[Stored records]
....

(* Let $n$ be a positive integer and $m$ a positive even integer. Let $\mathcal{A}$ and $\mathcal{B}$ be $m$-th order $n$-dimensional real weakly symmetric tensors with $\mathcal{B}$ positive definite, and let $\lambda_{\max}$ be the largest $\mathcal{B}_r$-eigenvalue of $\mathcal{A}$. Define $f_2:\mathbb{R}^n\to\mathbb{R}$ by $$f_2(x)=\frac{1}{2m}(\mathcal{B}x^m)^2-\frac{1}{m}\mathcal{A}x^m,$$ whose gradient is $\nabla f_2(x)=(\mathcal{B}x^m)\,\mathcal{B}x^{m-1}-\mathcal{A}x^{m-1}$. Then: (a) $f_2$ is coercive on $\mathbb{R}^n$, i.e. $f_2(x)\to+\infty$ as $\|x\|\to\infty$. (b) The critical points of $f_2$ are (i) $x=0$, and (ii) any $\mathcal{B}_r$-eigenvector $x$ of $\mathcal{A}$ associated with a $\mathcal{B}_r$-eigenvalue $\lambda>0$ of $\mathcal{A}$ satisfying $\mathcal{B}x^m=\lambda$. (c) If $\lambda_{\max}>0$, then $f_2$ attains its global minimum value $\min f_2(x)=-\frac{1}{2m}\lambda_{\max}^2$ at any $\mathcal{B}_r$-eigenvector associated with $\lambda_{\max}$ satisfying $\mathcal{B}x^m=\lambda_{\max}$. (d) If $\lambda_{\max}\le0$, then $x=0$ is the unique critical point of $f_2$, and it is the unique global minimizer of $f_2$ on $\mathbb{R}^n$.
   Context: An $m$-th order $n$-dimensional real tensor is an array $\mathcal{A}=(A_{i_1\cdots i_m})$ with indices in $\{1,\dots,n\}$ and real entries. For $x\in\mathbb{R}^n$, $\mathcal{A}x^m=\sum_{i_1,\dots,i_m=1}^n A_{i_1\cdots i_m}x_{i_1}\cdots x_{i_m}$, and $\mathcal{A}x^{m-1}\in\mathbb{R}^n$ has $i$-th entry $\sum_{i_2,\dots,i_m=1}^n A_{i i_2\cdots i_m}x_{i_2}\cdots x_{i_m}$. A tensor is weakly symmetric if $\nabla(\mathcal{A}x^m)=m\,\mathcal{A}x^{m-1}$ for all $x$, and positive definite if $\mathcal{A}x^m>0$ for all $x\ne0$. With $\mathcal{B}$ weakly symmetric positive definite, $\lambda\in\mathbb{R}$ is a $\mathcal{B}_r$-eigenvalue of $\mathcal{A}$, with $\mathcal{B}_r$-eigenvector $x\in\mathbb{R}^n\setminus\{0\}$, if $\mathcal{A}x^{m-1}=\lambda\,\mathcal{B}x^{m-1}$. The set of $\mathcal{B}_r$-eigenvalues is nonempty and has a largest element $\lambda_{\max}$. *)

From HB Require Import structures.
From mathcomp Require Import all_boot all_order all_algebra.
From mathcomp Require Import all_classical all_reals all_analysis.
Set Implicit Arguments. Unset Strict Implicit. Unset Printing Implicit Defensive.
Import Order.TTheory GRing.Theory Num.Theory.
Import numFieldNormedType.Exports.
Local Open Scope ring_scope.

....

Try it — Show every line of the records above that contains the word "mathcomp".

Exercise result —
From mathcomp Require Import all_boot all_order all_algebra.
From mathcomp Require Import all_classical all_reals all_analysis.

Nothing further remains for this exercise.